(Listed entries Opens)

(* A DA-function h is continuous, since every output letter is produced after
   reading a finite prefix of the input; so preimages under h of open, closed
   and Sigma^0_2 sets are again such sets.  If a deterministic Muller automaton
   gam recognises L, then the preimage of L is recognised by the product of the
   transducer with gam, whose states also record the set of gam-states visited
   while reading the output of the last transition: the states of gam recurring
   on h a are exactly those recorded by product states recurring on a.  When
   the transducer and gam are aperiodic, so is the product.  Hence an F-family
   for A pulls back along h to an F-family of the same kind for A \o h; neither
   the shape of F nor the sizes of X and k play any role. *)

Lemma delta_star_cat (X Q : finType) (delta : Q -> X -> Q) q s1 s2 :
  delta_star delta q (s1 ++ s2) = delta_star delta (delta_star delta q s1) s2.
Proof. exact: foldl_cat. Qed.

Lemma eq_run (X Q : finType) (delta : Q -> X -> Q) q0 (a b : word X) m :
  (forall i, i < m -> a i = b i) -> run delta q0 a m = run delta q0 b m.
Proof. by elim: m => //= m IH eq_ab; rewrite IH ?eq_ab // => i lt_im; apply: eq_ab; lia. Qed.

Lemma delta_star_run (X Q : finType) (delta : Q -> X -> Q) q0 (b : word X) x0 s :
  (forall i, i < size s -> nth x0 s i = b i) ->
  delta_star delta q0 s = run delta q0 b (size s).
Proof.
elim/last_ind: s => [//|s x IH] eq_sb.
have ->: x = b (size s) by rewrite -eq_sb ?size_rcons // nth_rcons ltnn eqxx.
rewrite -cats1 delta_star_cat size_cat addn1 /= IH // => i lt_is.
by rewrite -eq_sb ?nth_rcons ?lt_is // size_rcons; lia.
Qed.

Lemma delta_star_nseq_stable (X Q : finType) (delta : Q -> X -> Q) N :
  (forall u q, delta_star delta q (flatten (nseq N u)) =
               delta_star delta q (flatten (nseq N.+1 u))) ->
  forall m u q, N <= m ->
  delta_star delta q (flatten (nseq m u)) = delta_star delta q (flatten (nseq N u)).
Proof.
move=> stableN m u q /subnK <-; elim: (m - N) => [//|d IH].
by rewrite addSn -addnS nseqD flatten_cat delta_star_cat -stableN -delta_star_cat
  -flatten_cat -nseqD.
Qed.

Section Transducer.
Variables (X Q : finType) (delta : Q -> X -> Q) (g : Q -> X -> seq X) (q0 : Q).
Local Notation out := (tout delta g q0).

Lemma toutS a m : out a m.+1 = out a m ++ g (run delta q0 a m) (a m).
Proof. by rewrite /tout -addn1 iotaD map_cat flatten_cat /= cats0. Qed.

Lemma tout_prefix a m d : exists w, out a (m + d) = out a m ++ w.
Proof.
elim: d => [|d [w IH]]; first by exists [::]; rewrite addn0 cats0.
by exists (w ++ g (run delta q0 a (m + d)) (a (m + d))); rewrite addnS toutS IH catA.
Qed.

(Listed entries Closes)
(Listed entries Opens)

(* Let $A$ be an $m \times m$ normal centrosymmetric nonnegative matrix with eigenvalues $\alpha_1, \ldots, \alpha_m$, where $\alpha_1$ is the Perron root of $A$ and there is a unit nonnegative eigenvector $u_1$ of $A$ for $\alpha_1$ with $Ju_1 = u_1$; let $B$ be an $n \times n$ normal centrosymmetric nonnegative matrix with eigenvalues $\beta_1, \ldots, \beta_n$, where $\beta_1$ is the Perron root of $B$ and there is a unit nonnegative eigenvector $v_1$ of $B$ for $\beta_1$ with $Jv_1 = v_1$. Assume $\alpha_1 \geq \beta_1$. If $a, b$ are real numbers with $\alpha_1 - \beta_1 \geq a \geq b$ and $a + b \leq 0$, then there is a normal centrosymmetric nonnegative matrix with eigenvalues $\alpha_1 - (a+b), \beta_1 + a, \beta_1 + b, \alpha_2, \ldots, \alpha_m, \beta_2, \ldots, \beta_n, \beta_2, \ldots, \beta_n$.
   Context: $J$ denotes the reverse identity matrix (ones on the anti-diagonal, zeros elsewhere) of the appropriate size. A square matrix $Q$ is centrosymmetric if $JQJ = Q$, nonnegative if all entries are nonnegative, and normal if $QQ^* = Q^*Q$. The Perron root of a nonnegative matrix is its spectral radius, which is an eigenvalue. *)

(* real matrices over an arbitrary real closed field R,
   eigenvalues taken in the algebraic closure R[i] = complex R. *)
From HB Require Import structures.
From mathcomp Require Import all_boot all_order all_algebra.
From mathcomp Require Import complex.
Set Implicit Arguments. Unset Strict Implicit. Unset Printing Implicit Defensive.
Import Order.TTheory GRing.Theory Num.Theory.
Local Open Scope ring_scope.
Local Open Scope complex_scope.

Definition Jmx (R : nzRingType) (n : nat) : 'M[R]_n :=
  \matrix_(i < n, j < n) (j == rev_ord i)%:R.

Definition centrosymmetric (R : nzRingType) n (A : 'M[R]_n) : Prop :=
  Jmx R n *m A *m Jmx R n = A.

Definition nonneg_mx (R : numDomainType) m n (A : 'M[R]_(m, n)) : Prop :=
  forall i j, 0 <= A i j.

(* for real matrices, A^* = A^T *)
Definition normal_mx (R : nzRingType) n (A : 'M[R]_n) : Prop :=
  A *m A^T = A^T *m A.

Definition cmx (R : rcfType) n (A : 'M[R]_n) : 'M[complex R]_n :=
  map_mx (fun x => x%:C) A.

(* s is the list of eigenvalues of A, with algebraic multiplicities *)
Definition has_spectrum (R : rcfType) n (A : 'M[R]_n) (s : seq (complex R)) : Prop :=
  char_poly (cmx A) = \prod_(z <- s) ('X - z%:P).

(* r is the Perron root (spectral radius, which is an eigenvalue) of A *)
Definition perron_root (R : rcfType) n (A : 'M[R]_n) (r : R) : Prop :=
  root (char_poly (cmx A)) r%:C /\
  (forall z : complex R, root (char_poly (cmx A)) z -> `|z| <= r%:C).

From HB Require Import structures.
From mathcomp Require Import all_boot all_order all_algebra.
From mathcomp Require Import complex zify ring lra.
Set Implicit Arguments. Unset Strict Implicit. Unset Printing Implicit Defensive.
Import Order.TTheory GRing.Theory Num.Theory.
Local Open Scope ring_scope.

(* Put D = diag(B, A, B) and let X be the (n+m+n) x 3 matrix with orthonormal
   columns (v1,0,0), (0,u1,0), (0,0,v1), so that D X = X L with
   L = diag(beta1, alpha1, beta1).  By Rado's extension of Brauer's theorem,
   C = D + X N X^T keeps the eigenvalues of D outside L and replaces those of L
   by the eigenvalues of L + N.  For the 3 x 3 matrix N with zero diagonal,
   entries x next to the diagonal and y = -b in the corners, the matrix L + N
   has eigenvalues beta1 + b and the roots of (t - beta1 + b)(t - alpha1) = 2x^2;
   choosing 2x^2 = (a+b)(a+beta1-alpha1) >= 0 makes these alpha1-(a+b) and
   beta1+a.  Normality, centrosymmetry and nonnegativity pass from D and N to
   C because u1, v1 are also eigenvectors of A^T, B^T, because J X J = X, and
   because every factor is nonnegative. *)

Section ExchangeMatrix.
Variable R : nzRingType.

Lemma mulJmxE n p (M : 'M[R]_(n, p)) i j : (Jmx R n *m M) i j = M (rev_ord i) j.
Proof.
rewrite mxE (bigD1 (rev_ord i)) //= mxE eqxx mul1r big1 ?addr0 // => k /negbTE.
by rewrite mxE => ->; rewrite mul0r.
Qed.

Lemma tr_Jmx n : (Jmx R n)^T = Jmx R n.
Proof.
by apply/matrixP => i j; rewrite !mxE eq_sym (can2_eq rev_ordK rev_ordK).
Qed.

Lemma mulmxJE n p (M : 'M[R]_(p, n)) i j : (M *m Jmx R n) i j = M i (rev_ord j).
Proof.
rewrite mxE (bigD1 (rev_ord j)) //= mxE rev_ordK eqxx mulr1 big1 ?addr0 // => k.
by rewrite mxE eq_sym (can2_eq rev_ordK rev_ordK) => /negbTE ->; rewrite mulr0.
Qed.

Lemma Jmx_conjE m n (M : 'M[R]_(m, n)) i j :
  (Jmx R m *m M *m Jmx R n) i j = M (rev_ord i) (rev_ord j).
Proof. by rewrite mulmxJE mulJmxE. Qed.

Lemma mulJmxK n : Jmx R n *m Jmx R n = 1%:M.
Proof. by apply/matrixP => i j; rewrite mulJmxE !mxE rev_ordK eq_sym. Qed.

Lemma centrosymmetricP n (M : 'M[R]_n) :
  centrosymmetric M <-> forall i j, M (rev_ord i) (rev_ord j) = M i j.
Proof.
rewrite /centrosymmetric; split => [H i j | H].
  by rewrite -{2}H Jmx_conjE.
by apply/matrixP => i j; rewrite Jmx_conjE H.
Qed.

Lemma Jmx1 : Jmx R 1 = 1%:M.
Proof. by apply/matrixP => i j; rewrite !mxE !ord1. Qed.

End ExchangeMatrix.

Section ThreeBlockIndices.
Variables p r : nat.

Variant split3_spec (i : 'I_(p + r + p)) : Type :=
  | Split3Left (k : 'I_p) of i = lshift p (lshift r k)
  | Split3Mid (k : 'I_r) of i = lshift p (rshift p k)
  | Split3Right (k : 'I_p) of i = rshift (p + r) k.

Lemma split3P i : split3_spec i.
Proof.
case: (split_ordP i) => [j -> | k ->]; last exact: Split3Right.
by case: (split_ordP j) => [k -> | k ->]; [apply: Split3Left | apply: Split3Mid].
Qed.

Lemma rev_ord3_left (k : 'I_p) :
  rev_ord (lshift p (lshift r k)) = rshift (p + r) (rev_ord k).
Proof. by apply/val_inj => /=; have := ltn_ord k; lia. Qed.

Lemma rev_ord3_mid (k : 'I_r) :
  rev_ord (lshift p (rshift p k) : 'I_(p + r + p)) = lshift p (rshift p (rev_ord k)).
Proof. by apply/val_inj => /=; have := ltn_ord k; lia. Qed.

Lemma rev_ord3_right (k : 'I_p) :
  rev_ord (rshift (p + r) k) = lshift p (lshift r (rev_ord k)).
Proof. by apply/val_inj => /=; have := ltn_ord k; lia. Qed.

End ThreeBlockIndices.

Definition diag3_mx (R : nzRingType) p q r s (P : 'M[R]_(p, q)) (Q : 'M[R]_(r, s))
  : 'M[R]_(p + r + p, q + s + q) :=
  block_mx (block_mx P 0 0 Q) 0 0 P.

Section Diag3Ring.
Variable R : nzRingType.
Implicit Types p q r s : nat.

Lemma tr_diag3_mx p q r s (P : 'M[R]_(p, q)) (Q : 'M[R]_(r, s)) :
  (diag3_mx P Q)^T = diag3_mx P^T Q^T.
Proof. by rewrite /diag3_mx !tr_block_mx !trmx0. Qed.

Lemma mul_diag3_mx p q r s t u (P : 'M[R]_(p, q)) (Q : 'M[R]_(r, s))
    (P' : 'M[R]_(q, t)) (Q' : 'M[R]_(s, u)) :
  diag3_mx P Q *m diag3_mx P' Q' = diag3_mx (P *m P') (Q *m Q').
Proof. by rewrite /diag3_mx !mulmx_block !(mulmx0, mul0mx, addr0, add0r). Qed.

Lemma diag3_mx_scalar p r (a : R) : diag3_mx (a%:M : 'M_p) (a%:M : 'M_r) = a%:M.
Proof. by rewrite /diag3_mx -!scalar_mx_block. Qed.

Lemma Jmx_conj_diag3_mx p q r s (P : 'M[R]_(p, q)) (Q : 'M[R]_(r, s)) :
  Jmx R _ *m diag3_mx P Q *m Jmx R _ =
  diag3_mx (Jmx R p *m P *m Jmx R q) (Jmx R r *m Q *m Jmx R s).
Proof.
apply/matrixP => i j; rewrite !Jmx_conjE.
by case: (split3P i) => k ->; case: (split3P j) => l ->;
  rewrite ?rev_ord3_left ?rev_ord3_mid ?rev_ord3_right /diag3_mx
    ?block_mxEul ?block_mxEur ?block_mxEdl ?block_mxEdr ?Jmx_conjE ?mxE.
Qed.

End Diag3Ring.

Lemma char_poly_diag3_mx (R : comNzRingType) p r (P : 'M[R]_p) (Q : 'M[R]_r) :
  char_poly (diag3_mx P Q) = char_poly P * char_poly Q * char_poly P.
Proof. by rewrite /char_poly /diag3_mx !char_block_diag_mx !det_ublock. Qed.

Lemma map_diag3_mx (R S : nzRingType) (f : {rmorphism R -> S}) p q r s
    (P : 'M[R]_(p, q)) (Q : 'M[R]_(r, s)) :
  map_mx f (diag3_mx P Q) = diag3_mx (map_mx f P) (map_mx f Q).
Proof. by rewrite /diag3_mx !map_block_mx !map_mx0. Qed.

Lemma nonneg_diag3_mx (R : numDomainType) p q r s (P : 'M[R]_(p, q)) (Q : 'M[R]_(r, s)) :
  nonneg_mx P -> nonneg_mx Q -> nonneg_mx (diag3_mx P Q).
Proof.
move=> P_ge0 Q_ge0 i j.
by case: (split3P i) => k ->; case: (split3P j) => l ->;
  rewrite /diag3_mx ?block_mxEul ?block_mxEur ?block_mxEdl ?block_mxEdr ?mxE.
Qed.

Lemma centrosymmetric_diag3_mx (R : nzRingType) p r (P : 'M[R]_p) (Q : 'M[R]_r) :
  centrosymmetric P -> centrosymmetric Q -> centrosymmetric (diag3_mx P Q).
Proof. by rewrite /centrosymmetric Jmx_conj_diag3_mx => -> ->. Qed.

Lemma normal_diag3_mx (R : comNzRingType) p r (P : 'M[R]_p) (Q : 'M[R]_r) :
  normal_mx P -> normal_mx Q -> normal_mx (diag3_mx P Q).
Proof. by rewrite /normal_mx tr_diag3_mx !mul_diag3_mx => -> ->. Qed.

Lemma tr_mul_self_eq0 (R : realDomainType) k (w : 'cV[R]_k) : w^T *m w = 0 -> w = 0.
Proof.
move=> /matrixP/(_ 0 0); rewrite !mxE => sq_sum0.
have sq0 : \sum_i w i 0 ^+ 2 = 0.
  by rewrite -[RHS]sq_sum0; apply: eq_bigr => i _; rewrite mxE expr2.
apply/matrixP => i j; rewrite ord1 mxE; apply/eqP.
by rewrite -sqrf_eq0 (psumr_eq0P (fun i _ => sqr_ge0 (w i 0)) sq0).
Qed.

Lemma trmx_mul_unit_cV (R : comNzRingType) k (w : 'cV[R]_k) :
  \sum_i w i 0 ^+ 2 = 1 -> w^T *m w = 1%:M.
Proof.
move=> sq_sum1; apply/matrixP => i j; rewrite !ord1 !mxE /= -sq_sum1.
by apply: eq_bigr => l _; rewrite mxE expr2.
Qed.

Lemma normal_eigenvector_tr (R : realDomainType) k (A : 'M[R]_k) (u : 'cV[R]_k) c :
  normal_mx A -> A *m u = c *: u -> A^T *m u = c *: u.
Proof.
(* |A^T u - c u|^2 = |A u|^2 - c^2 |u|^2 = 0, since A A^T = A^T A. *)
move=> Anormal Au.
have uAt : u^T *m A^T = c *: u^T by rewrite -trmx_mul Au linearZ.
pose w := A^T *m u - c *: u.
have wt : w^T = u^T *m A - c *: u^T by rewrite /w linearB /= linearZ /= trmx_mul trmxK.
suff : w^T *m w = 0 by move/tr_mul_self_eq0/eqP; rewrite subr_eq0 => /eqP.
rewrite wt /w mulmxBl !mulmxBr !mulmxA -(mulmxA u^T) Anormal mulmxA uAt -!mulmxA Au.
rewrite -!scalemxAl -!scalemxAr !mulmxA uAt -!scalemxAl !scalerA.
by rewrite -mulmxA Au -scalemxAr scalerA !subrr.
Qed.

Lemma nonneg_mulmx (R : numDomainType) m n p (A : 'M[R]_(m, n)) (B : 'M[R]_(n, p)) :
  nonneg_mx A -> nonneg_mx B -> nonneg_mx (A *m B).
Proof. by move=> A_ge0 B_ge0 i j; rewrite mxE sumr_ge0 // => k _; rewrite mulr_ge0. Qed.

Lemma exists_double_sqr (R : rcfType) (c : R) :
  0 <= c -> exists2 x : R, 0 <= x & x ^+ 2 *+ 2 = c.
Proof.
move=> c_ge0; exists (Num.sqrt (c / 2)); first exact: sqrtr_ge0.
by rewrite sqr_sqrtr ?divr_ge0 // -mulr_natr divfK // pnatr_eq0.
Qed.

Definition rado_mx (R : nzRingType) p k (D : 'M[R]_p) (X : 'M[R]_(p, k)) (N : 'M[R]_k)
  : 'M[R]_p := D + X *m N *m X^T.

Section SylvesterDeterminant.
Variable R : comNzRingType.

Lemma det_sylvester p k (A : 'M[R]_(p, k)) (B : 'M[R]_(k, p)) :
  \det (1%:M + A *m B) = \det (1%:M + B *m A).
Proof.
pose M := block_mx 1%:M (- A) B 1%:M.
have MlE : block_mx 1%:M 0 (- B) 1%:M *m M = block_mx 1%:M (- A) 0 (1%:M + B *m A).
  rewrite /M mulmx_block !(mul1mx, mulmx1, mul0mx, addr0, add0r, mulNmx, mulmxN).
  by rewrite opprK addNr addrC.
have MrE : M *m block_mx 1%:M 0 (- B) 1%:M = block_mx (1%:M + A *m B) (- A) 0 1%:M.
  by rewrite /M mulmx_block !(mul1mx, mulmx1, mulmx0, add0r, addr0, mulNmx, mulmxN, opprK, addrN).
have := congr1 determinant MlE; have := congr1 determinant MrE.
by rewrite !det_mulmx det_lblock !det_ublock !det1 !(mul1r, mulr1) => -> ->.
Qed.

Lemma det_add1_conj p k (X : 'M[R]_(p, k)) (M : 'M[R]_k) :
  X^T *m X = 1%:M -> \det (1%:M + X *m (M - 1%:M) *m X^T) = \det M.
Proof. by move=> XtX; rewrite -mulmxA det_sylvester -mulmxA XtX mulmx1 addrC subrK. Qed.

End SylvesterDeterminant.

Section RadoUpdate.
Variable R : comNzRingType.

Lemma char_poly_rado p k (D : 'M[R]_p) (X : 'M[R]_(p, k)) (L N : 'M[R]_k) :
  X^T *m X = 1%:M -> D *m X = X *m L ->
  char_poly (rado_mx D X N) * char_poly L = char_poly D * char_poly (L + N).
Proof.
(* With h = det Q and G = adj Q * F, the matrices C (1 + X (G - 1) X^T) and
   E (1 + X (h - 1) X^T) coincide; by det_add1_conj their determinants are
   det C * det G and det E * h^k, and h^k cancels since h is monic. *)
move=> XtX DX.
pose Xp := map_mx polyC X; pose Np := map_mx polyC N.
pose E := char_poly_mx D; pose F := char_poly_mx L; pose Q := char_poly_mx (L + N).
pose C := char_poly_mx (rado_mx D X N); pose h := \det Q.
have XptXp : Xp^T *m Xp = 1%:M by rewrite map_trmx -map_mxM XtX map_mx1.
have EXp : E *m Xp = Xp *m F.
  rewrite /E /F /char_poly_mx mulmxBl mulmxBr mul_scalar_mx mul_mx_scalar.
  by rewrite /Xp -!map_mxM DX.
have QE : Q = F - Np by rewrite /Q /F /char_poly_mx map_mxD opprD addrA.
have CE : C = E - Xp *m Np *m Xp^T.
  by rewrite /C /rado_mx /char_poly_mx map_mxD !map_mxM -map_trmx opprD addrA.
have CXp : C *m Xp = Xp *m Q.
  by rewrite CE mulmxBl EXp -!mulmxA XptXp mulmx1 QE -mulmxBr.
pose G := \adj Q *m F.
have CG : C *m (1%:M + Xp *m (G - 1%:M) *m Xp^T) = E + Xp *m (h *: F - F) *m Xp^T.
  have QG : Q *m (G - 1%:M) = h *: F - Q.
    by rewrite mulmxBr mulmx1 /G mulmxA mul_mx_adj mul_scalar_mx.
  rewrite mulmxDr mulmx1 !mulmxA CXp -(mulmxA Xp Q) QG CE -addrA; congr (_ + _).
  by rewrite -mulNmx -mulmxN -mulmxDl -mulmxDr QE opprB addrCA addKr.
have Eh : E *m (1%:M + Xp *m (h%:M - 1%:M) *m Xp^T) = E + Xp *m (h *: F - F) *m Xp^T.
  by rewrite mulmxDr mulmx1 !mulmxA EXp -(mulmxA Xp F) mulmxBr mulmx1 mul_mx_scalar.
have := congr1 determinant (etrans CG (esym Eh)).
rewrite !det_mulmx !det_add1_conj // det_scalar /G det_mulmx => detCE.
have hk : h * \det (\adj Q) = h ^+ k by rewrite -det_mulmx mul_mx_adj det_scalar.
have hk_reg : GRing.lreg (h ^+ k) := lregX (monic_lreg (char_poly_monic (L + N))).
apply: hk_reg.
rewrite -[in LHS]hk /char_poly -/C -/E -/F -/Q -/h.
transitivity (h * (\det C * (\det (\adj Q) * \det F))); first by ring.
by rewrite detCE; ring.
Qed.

(Listed entries Closes)

## Assignment
Find "w^T *m w = 1%:M." in the entries above and copy that whole line exactly, then each line after it through the line that contains "have wt : w^T".

## Response to this task
  \sum_i w i 0 ^+ 2 = 1 -> w^T *m w = 1%:M.
Proof.
move=> sq_sum1; apply/matrixP => i j; rewrite !ord1 !mxE /= -sq_sum1.
by apply: eq_bigr => l _; rewrite mxE expr2.
Qed.

Lemma normal_eigenvector_tr (R : realDomainType) k (A : 'M[R]_k) (u : 'cV[R]_k) c :
  normal_mx A -> A *m u = c *: u -> A^T *m u = c *: u.
Proof.
(* |A^T u - c u|^2 = |A u|^2 - c^2 |u|^2 = 0, since A A^T = A^T A. *)
move=> Anormal Au.
have uAt : u^T *m A^T = c *: u^T by rewrite -trmx_mul Au linearZ.
pose w := A^T *m u - c *: u.
have wt : w^T = u^T *m A - c *: u^T by rewrite /w linearB /= linearZ /= trmx_mul trmxK.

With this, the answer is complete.